* **The task**: Each line from the one that has "under [RHS]eq_bigr do rewrite mulrBr." through the final line of the listing is to be written out exactly, and no other line is.

* **Data to examine**:
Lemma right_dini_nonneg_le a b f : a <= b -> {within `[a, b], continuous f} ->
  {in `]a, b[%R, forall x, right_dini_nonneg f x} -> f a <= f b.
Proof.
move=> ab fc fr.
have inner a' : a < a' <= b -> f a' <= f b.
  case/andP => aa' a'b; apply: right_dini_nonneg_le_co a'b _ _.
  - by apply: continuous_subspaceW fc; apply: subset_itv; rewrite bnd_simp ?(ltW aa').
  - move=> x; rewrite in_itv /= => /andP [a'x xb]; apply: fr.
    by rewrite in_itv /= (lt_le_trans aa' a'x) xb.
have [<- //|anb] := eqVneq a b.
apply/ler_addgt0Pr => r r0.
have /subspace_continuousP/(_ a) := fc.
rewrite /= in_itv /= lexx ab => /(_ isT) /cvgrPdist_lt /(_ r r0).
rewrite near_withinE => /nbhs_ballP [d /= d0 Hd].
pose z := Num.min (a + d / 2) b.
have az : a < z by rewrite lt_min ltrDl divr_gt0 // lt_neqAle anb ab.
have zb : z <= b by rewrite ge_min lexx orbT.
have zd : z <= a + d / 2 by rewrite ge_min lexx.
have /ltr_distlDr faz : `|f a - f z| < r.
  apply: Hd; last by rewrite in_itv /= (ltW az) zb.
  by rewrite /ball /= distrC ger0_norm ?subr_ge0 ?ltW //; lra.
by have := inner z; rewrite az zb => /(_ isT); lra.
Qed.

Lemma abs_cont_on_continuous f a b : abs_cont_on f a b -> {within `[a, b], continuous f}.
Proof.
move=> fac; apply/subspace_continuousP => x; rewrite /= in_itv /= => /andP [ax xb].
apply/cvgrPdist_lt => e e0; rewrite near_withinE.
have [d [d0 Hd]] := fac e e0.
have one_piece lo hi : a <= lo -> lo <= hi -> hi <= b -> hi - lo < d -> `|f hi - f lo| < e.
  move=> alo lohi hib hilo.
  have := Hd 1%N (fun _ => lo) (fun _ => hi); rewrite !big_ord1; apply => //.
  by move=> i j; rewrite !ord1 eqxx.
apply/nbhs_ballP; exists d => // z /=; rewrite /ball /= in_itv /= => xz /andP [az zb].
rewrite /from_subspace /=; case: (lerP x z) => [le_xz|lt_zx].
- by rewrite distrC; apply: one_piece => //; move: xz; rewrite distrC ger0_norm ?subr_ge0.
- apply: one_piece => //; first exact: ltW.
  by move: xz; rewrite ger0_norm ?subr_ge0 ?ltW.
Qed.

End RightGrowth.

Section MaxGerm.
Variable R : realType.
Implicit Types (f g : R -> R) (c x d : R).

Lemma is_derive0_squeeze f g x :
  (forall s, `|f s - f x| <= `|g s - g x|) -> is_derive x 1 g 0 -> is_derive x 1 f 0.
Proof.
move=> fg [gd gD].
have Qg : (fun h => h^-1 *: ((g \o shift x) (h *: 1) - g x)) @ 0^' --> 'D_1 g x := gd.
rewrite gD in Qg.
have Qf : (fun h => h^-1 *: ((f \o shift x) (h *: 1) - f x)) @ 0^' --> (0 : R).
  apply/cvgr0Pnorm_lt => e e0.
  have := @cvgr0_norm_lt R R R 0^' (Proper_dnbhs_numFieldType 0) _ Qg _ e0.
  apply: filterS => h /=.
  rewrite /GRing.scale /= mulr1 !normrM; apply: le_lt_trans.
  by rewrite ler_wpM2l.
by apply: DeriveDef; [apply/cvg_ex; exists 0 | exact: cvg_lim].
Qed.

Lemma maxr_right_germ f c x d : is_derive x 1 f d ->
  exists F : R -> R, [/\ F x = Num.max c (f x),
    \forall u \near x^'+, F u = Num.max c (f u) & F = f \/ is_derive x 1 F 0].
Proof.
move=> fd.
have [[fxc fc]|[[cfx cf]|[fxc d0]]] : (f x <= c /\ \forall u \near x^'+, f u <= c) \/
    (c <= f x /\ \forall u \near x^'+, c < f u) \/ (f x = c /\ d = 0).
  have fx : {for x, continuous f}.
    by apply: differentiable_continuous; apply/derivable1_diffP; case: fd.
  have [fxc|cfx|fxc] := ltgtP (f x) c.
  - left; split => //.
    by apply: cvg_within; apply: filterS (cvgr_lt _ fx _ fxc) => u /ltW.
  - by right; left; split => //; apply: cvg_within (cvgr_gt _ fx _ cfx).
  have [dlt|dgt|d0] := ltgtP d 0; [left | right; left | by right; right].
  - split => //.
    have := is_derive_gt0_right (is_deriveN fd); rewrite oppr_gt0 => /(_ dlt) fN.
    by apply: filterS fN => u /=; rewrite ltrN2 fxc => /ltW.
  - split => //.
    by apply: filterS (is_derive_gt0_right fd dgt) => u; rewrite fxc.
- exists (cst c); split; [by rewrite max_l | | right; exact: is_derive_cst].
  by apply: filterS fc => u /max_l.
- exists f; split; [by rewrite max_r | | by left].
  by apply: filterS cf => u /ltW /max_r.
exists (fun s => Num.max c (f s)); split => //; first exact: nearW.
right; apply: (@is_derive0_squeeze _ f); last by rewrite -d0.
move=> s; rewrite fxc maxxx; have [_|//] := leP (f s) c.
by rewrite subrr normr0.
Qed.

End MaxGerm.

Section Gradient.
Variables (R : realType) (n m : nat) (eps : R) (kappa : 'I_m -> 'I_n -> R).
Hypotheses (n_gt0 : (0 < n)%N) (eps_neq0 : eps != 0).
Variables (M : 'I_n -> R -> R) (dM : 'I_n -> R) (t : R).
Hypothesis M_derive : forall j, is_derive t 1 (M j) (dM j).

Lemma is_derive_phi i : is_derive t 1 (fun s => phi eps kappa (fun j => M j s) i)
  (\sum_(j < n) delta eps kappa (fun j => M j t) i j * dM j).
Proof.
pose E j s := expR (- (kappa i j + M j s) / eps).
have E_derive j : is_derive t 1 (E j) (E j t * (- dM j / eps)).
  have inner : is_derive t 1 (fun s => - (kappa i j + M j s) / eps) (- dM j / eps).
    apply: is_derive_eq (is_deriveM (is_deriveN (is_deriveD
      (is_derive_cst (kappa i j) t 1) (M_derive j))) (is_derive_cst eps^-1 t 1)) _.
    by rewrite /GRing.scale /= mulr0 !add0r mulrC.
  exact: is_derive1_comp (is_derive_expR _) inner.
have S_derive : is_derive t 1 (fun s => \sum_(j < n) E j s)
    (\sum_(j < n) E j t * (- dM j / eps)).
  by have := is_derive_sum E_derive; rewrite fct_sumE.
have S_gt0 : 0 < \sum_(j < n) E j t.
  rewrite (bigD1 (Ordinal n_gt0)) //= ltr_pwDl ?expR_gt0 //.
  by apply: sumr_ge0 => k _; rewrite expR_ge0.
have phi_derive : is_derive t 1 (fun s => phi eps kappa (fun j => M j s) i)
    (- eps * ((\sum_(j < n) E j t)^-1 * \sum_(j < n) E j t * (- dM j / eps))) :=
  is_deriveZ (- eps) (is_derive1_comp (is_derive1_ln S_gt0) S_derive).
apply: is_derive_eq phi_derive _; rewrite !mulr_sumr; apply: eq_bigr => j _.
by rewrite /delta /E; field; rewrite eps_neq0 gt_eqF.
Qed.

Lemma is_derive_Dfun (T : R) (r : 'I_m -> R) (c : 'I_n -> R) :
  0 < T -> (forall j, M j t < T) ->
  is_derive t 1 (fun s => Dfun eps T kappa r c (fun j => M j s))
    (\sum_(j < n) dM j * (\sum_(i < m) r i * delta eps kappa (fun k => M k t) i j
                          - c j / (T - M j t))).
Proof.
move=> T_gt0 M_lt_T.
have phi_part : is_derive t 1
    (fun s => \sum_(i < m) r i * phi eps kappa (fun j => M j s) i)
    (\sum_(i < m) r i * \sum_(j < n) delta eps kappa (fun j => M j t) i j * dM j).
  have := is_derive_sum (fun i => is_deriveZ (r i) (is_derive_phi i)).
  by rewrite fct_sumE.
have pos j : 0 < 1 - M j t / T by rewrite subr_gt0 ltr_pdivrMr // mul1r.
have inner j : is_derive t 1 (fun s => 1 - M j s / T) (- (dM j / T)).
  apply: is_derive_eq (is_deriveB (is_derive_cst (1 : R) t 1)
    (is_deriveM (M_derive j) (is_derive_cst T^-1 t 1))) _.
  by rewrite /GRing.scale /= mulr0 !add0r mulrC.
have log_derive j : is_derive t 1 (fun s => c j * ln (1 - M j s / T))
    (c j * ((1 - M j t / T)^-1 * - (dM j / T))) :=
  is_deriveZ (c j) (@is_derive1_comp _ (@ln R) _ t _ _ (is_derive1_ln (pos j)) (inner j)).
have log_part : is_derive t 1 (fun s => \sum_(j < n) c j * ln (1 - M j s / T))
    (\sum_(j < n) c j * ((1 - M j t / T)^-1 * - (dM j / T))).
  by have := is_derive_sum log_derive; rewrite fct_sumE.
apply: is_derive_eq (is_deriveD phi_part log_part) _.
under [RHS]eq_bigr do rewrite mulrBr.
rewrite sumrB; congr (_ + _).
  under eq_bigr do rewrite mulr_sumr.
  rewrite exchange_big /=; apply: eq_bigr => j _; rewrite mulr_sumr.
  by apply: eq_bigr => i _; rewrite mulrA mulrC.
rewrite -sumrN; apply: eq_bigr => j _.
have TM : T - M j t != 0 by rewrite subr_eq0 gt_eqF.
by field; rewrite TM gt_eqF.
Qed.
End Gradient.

* **Solved exercise**:
under [RHS]eq_bigr do rewrite mulrBr.
rewrite sumrB; congr (_ + _).
  under eq_bigr do rewrite mulr_sumr.
  rewrite exchange_big /=; apply: eq_bigr => j _; rewrite mulr_sumr.
  by apply: eq_bigr => i _; rewrite mulrA mulrC.
rewrite -sumrN; apply: eq_bigr => j _.
have TM : T - M j t != 0 by rewrite subr_eq0 gt_eqF.
by field; rewrite TM gt_eqF.
Qed.
End Gradient.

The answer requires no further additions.